What is needed is an exact copy of the entries below, from the line that contains "degDowling W k)." through the final line, both included, and nothing else.

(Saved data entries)
------------------------------

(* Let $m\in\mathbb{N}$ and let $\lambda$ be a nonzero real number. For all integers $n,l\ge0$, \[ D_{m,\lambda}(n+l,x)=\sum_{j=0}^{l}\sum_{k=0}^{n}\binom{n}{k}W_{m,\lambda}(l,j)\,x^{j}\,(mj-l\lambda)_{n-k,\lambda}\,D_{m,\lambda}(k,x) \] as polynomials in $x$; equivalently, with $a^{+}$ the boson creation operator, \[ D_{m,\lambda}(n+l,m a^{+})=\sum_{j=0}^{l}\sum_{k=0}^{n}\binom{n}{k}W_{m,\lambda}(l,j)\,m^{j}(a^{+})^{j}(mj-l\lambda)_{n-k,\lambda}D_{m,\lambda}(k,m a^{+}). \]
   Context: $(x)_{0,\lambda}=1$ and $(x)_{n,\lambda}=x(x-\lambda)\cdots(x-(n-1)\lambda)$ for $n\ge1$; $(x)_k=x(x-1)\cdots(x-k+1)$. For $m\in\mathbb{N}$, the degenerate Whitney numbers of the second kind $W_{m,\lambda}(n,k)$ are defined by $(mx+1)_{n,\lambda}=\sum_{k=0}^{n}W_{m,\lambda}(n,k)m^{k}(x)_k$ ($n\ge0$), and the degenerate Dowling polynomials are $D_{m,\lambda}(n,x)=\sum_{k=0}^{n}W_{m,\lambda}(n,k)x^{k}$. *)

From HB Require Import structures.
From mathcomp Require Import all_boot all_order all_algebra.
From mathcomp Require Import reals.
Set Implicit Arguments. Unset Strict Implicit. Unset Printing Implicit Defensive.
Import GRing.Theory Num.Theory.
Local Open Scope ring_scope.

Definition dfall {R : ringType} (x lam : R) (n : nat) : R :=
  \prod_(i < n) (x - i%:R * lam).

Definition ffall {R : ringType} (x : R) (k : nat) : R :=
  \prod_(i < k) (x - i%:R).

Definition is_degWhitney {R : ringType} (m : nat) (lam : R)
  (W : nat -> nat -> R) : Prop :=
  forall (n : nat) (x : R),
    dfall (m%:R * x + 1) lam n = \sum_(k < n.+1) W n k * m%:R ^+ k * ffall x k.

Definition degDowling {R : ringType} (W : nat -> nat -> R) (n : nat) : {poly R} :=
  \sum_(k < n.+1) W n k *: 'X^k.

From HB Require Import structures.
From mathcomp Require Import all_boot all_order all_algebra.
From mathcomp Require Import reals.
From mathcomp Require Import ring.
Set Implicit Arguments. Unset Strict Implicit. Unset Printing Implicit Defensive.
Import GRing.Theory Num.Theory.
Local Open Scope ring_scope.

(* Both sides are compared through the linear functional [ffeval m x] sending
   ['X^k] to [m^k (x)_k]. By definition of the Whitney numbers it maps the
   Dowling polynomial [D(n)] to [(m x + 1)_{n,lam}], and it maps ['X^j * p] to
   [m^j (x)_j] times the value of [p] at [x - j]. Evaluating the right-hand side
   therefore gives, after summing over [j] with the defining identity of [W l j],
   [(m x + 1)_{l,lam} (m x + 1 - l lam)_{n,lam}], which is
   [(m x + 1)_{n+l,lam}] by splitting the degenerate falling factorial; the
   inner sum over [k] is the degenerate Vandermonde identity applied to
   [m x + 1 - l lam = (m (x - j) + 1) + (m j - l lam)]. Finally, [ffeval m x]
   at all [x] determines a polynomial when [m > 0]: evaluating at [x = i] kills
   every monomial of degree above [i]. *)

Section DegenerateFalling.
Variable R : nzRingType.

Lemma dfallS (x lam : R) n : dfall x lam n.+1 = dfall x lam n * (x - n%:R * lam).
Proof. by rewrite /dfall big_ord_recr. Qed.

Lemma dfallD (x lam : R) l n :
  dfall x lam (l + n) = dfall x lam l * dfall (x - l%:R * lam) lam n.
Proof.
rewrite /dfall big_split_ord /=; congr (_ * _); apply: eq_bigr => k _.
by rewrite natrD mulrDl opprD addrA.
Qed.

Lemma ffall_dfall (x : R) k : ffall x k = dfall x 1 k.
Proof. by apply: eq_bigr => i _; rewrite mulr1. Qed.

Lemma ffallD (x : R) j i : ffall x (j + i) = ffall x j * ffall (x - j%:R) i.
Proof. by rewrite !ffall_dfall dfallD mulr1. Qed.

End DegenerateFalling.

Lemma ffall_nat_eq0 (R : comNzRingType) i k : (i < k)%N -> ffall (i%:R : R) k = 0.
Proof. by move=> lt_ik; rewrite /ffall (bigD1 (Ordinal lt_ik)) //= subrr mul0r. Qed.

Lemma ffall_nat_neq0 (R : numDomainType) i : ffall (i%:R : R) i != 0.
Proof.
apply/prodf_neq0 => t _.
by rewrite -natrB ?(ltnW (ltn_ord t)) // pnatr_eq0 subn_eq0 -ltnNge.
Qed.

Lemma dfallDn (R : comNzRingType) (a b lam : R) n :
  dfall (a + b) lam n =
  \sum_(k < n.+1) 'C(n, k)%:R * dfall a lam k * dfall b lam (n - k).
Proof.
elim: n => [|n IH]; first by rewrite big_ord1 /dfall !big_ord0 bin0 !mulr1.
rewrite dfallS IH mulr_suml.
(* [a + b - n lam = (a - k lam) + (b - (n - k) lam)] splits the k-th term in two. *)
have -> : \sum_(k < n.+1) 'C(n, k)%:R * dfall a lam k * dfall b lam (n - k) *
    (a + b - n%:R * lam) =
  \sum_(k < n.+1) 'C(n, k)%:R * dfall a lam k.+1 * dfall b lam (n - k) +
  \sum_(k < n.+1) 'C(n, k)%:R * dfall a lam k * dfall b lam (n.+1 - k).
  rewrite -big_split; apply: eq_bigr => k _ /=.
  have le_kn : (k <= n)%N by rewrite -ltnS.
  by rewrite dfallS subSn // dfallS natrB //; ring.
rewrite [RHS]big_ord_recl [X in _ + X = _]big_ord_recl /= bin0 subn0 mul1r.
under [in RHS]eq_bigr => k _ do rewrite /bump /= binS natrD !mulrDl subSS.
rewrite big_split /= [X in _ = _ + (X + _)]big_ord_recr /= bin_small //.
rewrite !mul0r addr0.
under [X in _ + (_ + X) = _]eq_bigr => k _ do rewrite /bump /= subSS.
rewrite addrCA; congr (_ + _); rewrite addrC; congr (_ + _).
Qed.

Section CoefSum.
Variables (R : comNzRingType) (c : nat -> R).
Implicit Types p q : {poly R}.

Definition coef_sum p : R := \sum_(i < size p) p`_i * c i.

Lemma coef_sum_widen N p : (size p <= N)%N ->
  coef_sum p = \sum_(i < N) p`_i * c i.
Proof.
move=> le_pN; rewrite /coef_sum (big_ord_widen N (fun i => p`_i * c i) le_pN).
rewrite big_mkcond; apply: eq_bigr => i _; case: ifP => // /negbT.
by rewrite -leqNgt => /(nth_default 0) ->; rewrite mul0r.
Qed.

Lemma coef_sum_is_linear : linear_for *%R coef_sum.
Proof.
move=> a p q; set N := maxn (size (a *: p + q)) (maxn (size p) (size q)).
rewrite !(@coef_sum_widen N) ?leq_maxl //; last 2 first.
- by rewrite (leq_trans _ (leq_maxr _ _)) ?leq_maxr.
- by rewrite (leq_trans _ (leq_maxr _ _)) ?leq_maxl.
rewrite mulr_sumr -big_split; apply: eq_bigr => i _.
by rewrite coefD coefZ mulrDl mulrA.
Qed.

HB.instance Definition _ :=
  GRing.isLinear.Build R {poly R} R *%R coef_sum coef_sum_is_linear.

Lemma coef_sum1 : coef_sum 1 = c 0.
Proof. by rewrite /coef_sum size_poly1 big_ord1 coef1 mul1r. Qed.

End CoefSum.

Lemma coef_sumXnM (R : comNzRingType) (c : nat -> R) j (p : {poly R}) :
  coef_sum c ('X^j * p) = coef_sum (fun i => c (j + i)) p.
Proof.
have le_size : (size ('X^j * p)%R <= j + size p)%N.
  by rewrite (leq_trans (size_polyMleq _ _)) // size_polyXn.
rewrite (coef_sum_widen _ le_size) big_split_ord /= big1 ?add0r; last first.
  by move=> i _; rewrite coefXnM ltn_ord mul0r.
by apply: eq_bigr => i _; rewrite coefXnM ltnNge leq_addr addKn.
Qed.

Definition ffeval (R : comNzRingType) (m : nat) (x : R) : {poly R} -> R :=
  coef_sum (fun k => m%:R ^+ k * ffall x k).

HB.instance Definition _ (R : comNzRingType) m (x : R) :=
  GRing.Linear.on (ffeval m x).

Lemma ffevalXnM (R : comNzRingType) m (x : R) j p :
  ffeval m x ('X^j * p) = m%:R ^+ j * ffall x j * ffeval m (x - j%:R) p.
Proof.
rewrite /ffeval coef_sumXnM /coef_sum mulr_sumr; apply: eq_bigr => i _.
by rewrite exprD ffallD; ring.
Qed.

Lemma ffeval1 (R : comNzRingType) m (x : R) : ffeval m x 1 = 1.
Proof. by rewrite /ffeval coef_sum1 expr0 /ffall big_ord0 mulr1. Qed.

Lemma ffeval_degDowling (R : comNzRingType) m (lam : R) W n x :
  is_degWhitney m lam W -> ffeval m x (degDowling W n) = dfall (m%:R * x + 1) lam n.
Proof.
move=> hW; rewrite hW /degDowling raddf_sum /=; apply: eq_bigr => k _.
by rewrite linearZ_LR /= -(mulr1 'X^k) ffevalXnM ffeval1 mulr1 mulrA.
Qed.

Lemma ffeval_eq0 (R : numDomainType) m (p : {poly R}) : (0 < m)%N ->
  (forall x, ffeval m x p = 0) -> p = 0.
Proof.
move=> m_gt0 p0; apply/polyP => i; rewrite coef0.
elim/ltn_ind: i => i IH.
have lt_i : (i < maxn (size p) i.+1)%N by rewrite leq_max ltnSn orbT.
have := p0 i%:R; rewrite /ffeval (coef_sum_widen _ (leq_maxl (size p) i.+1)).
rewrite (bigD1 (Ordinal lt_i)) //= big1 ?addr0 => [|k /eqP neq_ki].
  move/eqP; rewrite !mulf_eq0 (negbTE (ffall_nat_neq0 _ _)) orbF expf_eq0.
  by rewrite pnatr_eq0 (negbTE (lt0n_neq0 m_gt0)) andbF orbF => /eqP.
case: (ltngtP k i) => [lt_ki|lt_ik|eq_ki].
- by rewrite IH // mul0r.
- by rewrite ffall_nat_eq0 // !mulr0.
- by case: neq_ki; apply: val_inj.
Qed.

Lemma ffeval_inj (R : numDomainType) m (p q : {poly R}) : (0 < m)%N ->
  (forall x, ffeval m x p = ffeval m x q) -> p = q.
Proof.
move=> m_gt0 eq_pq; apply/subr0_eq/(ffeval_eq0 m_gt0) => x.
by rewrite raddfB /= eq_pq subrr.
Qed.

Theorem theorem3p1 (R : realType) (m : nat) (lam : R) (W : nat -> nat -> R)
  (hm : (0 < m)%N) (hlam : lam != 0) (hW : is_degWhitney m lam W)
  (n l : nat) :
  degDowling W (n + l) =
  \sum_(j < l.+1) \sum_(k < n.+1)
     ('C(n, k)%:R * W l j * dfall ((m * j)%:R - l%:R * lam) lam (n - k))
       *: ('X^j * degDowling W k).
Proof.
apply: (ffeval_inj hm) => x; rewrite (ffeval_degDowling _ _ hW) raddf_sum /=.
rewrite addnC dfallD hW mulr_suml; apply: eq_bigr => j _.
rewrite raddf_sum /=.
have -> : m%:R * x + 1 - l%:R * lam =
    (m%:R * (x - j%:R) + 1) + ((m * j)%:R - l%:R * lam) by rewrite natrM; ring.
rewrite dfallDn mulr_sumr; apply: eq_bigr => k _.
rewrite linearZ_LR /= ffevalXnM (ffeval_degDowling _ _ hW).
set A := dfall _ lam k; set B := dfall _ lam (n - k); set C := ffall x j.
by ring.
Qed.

------------------------------

> Task answer
       *: ('X^j * degDowling W k).
Proof.
apply: (ffeval_inj hm) => x; rewrite (ffeval_degDowling _ _ hW) raddf_sum /=.
rewrite addnC dfallD hW mulr_suml; apply: eq_bigr => j _.
rewrite raddf_sum /=.
have -> : m%:R * x + 1 - l%:R * lam =
    (m%:R * (x - j%:R) + 1) + ((m * j)%:R - l%:R * lam) by rewrite natrM; ring.
rewrite dfallDn mulr_sumr; apply: eq_bigr => k _.
rewrite linearZ_LR /= ffevalXnM (ffeval_degDowling _ _ hW).
set A := dfall _ lam k; set B := dfall _ lam (n - k); set C := ffall x j.
by ring.
Qed.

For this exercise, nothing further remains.